La entrada del preescolar ya estaba impregnada de la persistente fragancia de los pasteles de calabaza fundidos, y cuando la Tía Li acercó el pastel a Chenchen, el intenso aroma era aún más irresistible.
Además, bajo la luz del sol, la corteza traslúcida y brillante del pastel de calabaza fundido era tan tentadora que Chenchen, siendo todo un comidista, no pudo resistir tal encanto.
Sus ojos se iluminaron mientras miraba fijamente el plato de pasteles de calabaza fundidos.
Al ver el hambre en los ojos de Chenchen, Jiang Xinzhuo aprovechó el momento, tomó uno de los pasteles de calabaza fundidos del plato que tenía en la mano y lo partió suavemente.
Con un «crujido», el pastel de calabaza fundido no pudo soportar la fuerza y se partió.
La corteza hizo un sonido crujiente al romperse, revelando el relleno de su interior.
Esta doble tentación sensorial hizo que Chenchen tragara saliva involuntariamente.
Ni siquiera el Tío Li y Lin Huiyi pudieron escapar, y tragaron saliva inconscientemente.

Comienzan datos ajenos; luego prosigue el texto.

(* Let $\mathcal M=(\{1,\dots,n\}\uplus\{\mathbf{good}\},\mathcal D,\mathbf Q)$ be a CTMDP with absorbing state $\mathbf{good}$, $B>0$, and let $\pi$ be a policy such that, writing $\mathbf d_t:=\pi_{B-t}$ and letting $W^\pi_t$ solve $\frac{d}{dt}W^\pi_t=\mathbf Q^{\mathbf d_t}W^\pi_t$ with $W^\pi_0=\mathbf u(\mathbf{good})$, the decision vector $\mathbf d_t$ maximizes $\mathbf Q^{\mathbf d}W^\pi_t$ (elementwise, over $\mathbf d\in\mathcal D$) for almost all $t\in[0,B]$. Take $t^*$ such that $\mathcal F_{n+2}(W^\pi_{t^*})$ differs from $\lim_{t\uparrow t^*}\mathcal F_{n+2}(W^\pi_t)$, and suppose $\mathcal F_{n+2}(W^\pi_{t^*})=\{\mathbf d^1,\dots,\mathbf d^p\}$ with $p>1$. For $i\in\{1,\dots,p\}$ let $$\Delta_i:=\sup\{\delta>0: \mathbf d^i\in\mathcal F_{n+2}(W^\pi_t)\text{ for all }t\in[t^*,t^*+\delta)\}.$$ Then $\Delta_1=\Delta_2=\dots=\Delta_p$. Moreover, suppose $t^*\le\delta_1<\delta_2<t^*+\Delta_1$ and $\pi_{B-t}=\mathbf d$ for all $t\in[\delta_1,\delta_2)$, for some $\mathbf d\in\mathcal F_{n+1}(W^\pi_{t^*})$. If $\pi'$ is a policy with $\pi'_{B-t}=\pi_{B-t}$ for $t\in[0,\delta_1)$ and $\pi'_{B-t}=\mathbf d'$ for all $t\in[\delta_1,\delta_2)$, for some $\mathbf d'\in\mathcal F_{n+1}(W^\pi_{t^*})\setminus\{\mathbf d\}$, then $\pi'$ also has the property that $\pi'_{B-t}$ maximizes $\mathbf Q^{\mathbf d}W^{\pi'}_t$ for almost all $t\in[0,\delta_2)$ (where $W^{\pi'}$ is defined from $\pi'$ in the same way as $W^\pi$ from $\pi$).
   Context: CTMDP: $\mathcal M=(S,\mathcal D,\mathbf Q)$ with finite state set $S$, decision vectors $\mathcal D=\prod_{s\in S}\mathcal D_s$ (finite action sets), and for each $\mathbf d\in\mathcal D$ a generator matrix $\mathbf Q^{\mathbf d}$ (off-diagonal entries $\mathbf Q^{\mathbf d}(s,s')\ge0$ depending only on $\mathbf d(s)$; diagonal entries make row sums zero). A state is absorbing if its row is zero for every $\mathbf d$. A policy is a measurable map $\pi:[0,B]\to\mathcal D$. $\mathbf u(s)$ is the vector with $1$ in coordinate $s$ and $0$ elsewhere. Vector comparisons and maximizations are elementwise. For a vector $W$ define recursively $\mathcal F_1(W)=\{\mathbf d\in\mathcal D:\mathbf d\text{ maximizes }\mathbf Q^{\mathbf d}W\}$ and, for $j\ge2$, $\mathcal F_j(W)=\{\mathbf d\in\mathcal F_{j-1}(W):\mathbf d\text{ maximizes }[\mathbf Q^{\mathbf d}]^jW\text{ over }\mathcal F_{j-1}(W)\}$. *)

From HB Require Import structures.
From mathcomp Require Import all_boot all_order all_algebra.
From mathcomp Require Import all_classical all_reals all_analysis.
Set Implicit Arguments. Unset Strict Implicit. Unset Printing Implicit Defensive.
Import Order.TTheory GRing.Theory Num.Theory.
Local Open Scope ring_scope.
Local Open Scope classical_set_scope.

(* States {1,...,n} ⊎ {good}: good is None, state i is Some i. *)
Definition state (n : nat) : finType := option 'I_n.
Definition good (n : nat) : state n := None.

Section CTMDP.
Variables (R : realType) (n : nat).
Variable (Act : state n -> finType).
Definition decision := {dffun forall s : state n, Act s}.
(* rate s a s' = off-diagonal generator entry Q(s,s') when action a is chosen in s *)
Variable (rate : forall s : state n, Act s -> state n -> R).

(* the generator matrix Q^d: off-diagonal entries depend only on d(s),
   diagonal entries make the row sums zero *)
Definition genQ (d : decision) (s s' : state n) : R :=
  if s' == s then - \sum_(s'' | s'' != s) rate (d s) s'' else rate (d s) s'.

Definition Qapp (d : decision) (W : state n -> R) : state n -> R :=
  fun s => \sum_s' genQ d s s' * W s'.

Definition Qpow (d : decision) (j : nat) (W : state n -> R) : state n -> R :=
  iter j (Qapp d) W.

Definition unitv (s0 : state n) : state n -> R := fun s => (s == s0)%:R.

Definition absorbing (s : state n) : Prop := forall d s', genQ d s s' = 0.

Fixpoint Fset (j : nat) (W : state n -> R) : set decision :=
  match j with
  | 0 => setT
  | j'.+1 => [set d | Fset j' W d /\
               forall d', Fset j' W d' -> forall s, Qpow d' j'.+1 W s <= Qpow d j'.+1 W s]
  end.

Definition is_policy (B : R) (pi : R -> decision) : Prop :=
  forall d, measurable [set t | 0 <= t <= B /\ pi t = d].

(* W solves  d/dt W_t = Q^{pi_{B-t}} W_t, W_0 = u(good)  on [0,B]
   (Caratheodory sense: integral equation with integrable right-hand side) *)
Definition value_sol (B : R) (pi : R -> decision) (W : R -> state n -> R) : Prop :=
  forall s,
    lebesgue_measure.-integrable [set t | 0 <= t <= B]
      (fun t => (Qapp (pi (B - t)) (W t) s)%:E) /\
    forall t, 0 <= t <= B ->
      (W t s)%:E = adde (unitv (good n) s)%:E
        (\int[lebesgue_measure]_(x in [set x | 0 <= x <= t])
           (Qapp (pi (B - x)) (W x) s)%:E).

Definition Delta (B tstar : R) (W : R -> state n -> R) (j : nat) (d : decision) : \bar R :=
  ereal_sup [set delta%:E | delta in
    [set delta | 0 < delta /\
       forall t, tstar <= t < tstar + delta -> t <= B -> Fset j (W t) d]].

End CTMDP.

From HB Require Import structures.
From mathcomp Require Import all_boot all_order all_algebra.
From mathcomp Require Import all_classical all_reals all_analysis.
From mathcomp Require Import lra ring.
Set Implicit Arguments. Unset Strict Implicit. Unset Printing Implicit Defensive.
Import Order.TTheory GRing.Theory Num.Theory.
Local Open Scope ring_scope.
Local Open Scope classical_set_scope.

(* The heart of the argument (section Window) is: if d1, d2 are both in
   F_{n+1}(W_{t*}) and d1 stays optimal on [t*, T0), then Q^{d2} and Q^{d1}
   give the same [Q^d]^k W_t, k <= n+2, on that window.  Indeed the
   discrepancies (Q^{d2} - Q^{d1}) (Q^{d1})^k W_t, k <= n, vanish at t*, and
   since dW/dt = Q^{d1} W_t a.e. there, they satisfy a closed linear ODE
   (Cayley-Hamilton on the n+1 states), so a Gronwall argument makes them
   vanish.  From this:
   - all members of F_{n+2}(W_{t*}) remain in F_{n+2} on exactly the same
     windows, hence have equal Delta;
   - switching to d' on [delta1, delta2) changes neither the drift along W nor,
     by uniqueness of solutions, the value function, so optimality persists.
   The file first develops the analytic tools (integral equations, Gronwall),
   then the finite linear algebra (Cayley-Hamilton for operators), the
   selection sets F_j, the window lemma, uniqueness, and finally the theorem. *)

Section IntegralEquation.
Variables (R : realType) (I : finType) (F f : I -> R -> R) (F0 : I -> R) (B : R).
Local Notation mu := (@lebesgue_measure R).
Hypothesis f_int : forall i, mu.-integrable [set x | 0 <= x <= B] (fun x => (f i x)%:E).
Hypothesis F_eq : forall i t, 0 <= t <= B ->
  (F i t)%:E = adde (F0 i)%:E (\int[mu]_(x in [set x | 0 <= x <= t]) (f i x)%:E).

Lemma measurable_segment (a u : R) : measurable [set x : R | a <= x <= u].
Proof.
by rewrite (_ : [set x | _] = `[a, u]%classic) //; apply/seteqP; split=> x /=; rewrite in_itv.
Qed.

Lemma measurable_halfopen (a u : R) : measurable [set x : R | a < x <= u].
Proof.
by rewrite (_ : [set x | _] = `]a, u]%classic) //; apply/seteqP; split=> x /=; rewrite in_itv.
Qed.

Lemma f_int_within (A : set R) i : measurable A -> A `<=` [set x | 0 <= x <= B] ->
  mu.-integrable A (fun x => (f i x)%:E).
Proof. by move=> mA AB; apply: integrableS (f_int i) => //; exact: measurable_segment. Qed.

Lemma increment_integral i a t : 0 <= a -> a <= t -> t <= B ->
  (F i t - F i a)%:E = (\int[mu]_(x in [set x | (a < x <= t)%R]) (f i x)%:E)%E.
Proof.
move=> a0 aLt tB.
have int_a : mu.-integrable [set x | 0 <= x <= a] (fun x => (f i x)%:E).
  apply: f_int_within; first exact: measurable_segment.
  by move=> x /= /andP[-> xa]; rewrite (le_trans xa (le_trans aLt tB)).
have int_at : mu.-integrable [set x | a < x <= t] (fun x => (f i x)%:E).
  apply: f_int_within; first exact: measurable_halfopen.
  by move=> x /= /andP[/ltW ax xt]; rewrite (le_trans a0 ax) (le_trans xt tB).
have split_t : [set x | 0 <= x <= t] = [set x | 0 <= x <= a] `|` [set x | a < x <= t].
  apply/seteqP; split=> x /=.
    by move=> /andP[x0 xt]; case: (leP x a) => xa; [left|right]; rewrite ?x0 ?xa ?xt.
  case=> /andP[]; first by move=> -> xa; rewrite (le_trans xa aLt).
  by move=> ax ->; rewrite (le_trans a0 (ltW ax)).
have := @F_eq i t; rewrite (le_trans a0 aLt) tB => /(_ isT).
rewrite split_t integral_setU; first last.
- apply/disj_setPS => x [] /= /andP[_ xa] /andP[ax _].
  by move: (lt_le_trans ax xa); rewrite ltxx.
- by rewrite -split_t; apply: measurable_int; apply: f_int_within;
    [exact: measurable_segment|move=> x /= /andP[-> xt]; rewrite (le_trans xt tB)].
- exact: measurable_halfopen.
- exact: measurable_segment.
have := @F_eq i a; rewrite a0 (le_trans aLt tB) => /(_ isT).
have fin_a : ((\int[mu]_(x in [set x | (0 <= x <= a)%R]) (f i x)%:E) \is a fin_num)%E.
  by apply: integrable_fin_num int_a; exact: measurable_segment.
have fin_at : ((\int[mu]_(x in [set x | (a < x <= t)%R]) (f i x)%:E) \is a fin_num)%E.
  by apply: integrable_fin_num int_at; exact: measurable_halfopen.
rewrite -(fineK fin_a) -(fineK fin_at) -!EFinD.
move=> ha ht; have {}ha := EFin_inj ha; have {}ht := EFin_inj ht.
by congr (_%:E); rewrite ht ha; ring.
Qed.

Lemma increment_bound (c : I -> R) a t K : 0 <= a -> a <= t -> t <= B -> 0 <= K ->
  {ae mu, forall x, a < x <= t -> `|\sum_i c i * f i x| <= K} ->
  `|\sum_i c i * (F i t - F i a)| <= K * (t - a).
Proof.
move=> a0 aLt tB K0 hae.
have int_at i : mu.-integrable [set x | a < x <= t] (fun x => (f i x)%:E).
  apply: f_int_within; first exact: measurable_halfopen.
  by move=> x /= /andP[/ltW ax xt]; rewrite (le_trans a0 ax) (le_trans xt tB).
have int_comb : mu.-integrable [set x | a < x <= t] (fun x => (\sum_i c i * f i x)%:E).
  rewrite (_ : (fun x => _) = (fun x => \sum_i ((c i)%:E * (f i x)%:E))%E); last first.
    by apply/funext => x; rewrite sumEFin.
  apply: integrable_sum; first exact: measurable_halfopen.
  by move=> i _; apply: integrableZl; [exact: measurable_halfopen|exact: int_at].
have comb_eq : ((\sum_i c i * (F i t - F i a))%:E =
    \int[mu]_(x in [set x | (a < x <= t)%R]) (\sum_i c i * f i x)%:E)%E.
  rewrite -sumEFin (eq_bigr (fun i =>
    \int[mu]_(x in [set x | (a < x <= t)%R]) ((c i)%:E * (f i x)%:E))%E); last first.
    move=> i _; rewrite EFinM increment_integral // -integralZl //.
    exact: measurable_halfopen.
  rewrite -integral_sum; [|exact: measurable_halfopen|]; last first.
    by move=> i; apply: integrableZl; [exact: measurable_halfopen|exact: int_at].
  by apply: eq_integral => x _; rewrite -sumEFin.
have len : mu [set x | a < x <= t] = (t - a)%:E.
  rewrite (_ : [set x | _] = `]a, t]%classic); last first.
    by apply/seteqP; split=> x /=; rewrite in_itv.
  rewrite lebesgue_measure_itv /= lte_fin; case: ltP => [_|ta]; first by rewrite -EFinB.
  by rewrite (_ : t = a) ?subrr //; apply/le_anti; rewrite aLt ta.
rewrite -lee_fin -abse_EFin comb_eq.
have m_comb := measurable_int _ int_comb.
apply: le_trans (le_abse_integral _ _ m_comb) _; first exact: measurable_halfopen.
apply: le_trans (integral_le_bound K%:E _ m_comb _ _) _.
- exact: measurable_halfopen.
- by rewrite lee_fin.
- apply: (filterS _ hae); first exact: (ae_filter_ringOfSetsType mu).
  by move=> x h /h; rewrite abse_EFin lee_fin.
by rewrite EFinM -len.
Qed.

Lemma solution_bounded : exists M, 0 <= M /\ forall i t, 0 <= t <= B -> `|F i t| <= M.
Proof.
pose g i := fine (\int[mu]_(x in [set x | (0 <= x <= B)%R]) `|(f i x)%:E|)%E.
have g0 i : 0 <= g i by apply/fine_ge0/integral_ge0 => x _; exact: abse_ge0.
exists (\sum_i (`|F0 i| + g i)); split; first by apply: sumr_ge0 => i _; apply: addr_ge0.
move=> i t /andP[t0 tB].
have sub_t : [set x | 0 <= x <= t] `<=` [set x | 0 <= x <= B].
  by move=> x /= /andP[-> xt]; rewrite (le_trans xt tB).
have gfin : ((\int[mu]_(x in [set x | (0 <= x <= B)%R]) `|(f i x)%:E|) \is a fin_num)%E.
  rewrite ge0_fin_numE; last by apply: integral_ge0 => x _; exact: abse_ge0.
  by case/integrableP: (f_int i).
apply: (@le_trans _ _ (`|F0 i| + g i)); last first.
  by rewrite (bigD1 i) //= lerDl; apply: sumr_ge0 => j _; exact: addr_ge0.
rewrite -lee_fin -abse_EFin (F_eq i) ?t0 ?tB //.
apply: le_trans (lee_abs_add _ _) _; rewrite EFinD abse_EFin; apply: leeD2l.
apply: le_trans (le_abse_integral _ _ _) _; first exact: measurable_segment.
  by apply: measurable_int; apply: f_int_within sub_t; exact: measurable_segment.
rewrite /g fineK //; apply: ge0_subset_integral => //; try exact: measurable_segment.
by apply: (measurable_int mu); apply: integrable_abse; exact: f_int.
Qed.

End IntegralEquation.

(* A Gronwall-type uniqueness principle for a finite family y of functions on
   [a, ...) (restricted by a downward closed predicate P): if the family is
   bounded and, on every interval where it is bounded by K, its increments grow
   at most like C K (t - a'), then vanishing at a forces vanishing everywhere.
   The proof bounds y by M / 2^m on windows of length 1 / (2 (C + 1)). *)
Section Gronwall.
Variables (R : realType) (I : finType) (y : I -> R -> R) (a M C : R) (P : R -> Prop).
Hypothesis P_down : forall x t, a <= x -> x <= t -> P t -> P x.
Hypotheses (M_ge0 : 0 <= M) (C_ge0 : 0 <= C).
Hypothesis y_bounded : forall i t, a <= t -> P t -> `|y i t| <= M.
Hypothesis y_increment : forall a' t K, a <= a' -> a' <= t -> P t -> 0 <= K ->
  (forall j x, a' <= x -> x <= t -> `|y j x| <= K) ->
  forall i, `|y i t - y i a'| <= C * K * (t - a').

Viendo que era el momento oportuno, Jiang Xinzhuo aprovechó para preguntar: —Chenchen, ¿quieres probar el pastel de calabaza fundido?
—¡Sí!
El pequeño estaba tan atraído por el pastel de calabaza fundido que asintió sin dudar.
Jiang Xinzhuo le tendió la mano.
—Entonces baja y ven con la profesora al aula para comer el pastel de calabaza fundido, ¿de acuerdo?
—¡Vale!
Chenchen soltó el cuello de su madre y le pidió que lo bajara.
Una vez en el suelo, tomó por iniciativa propia la mano de Jiang Xinzhuo.
Jiang Xinzhuo lo elogió: —Chenchen eres genial, ¡ahora despídete de Mamá!
—¡Adiós, Mamá!
Chenchen agitó su manita hacia Lin Huiyi y luego siguió a Jiang Xinzhuo al interior del preescolar.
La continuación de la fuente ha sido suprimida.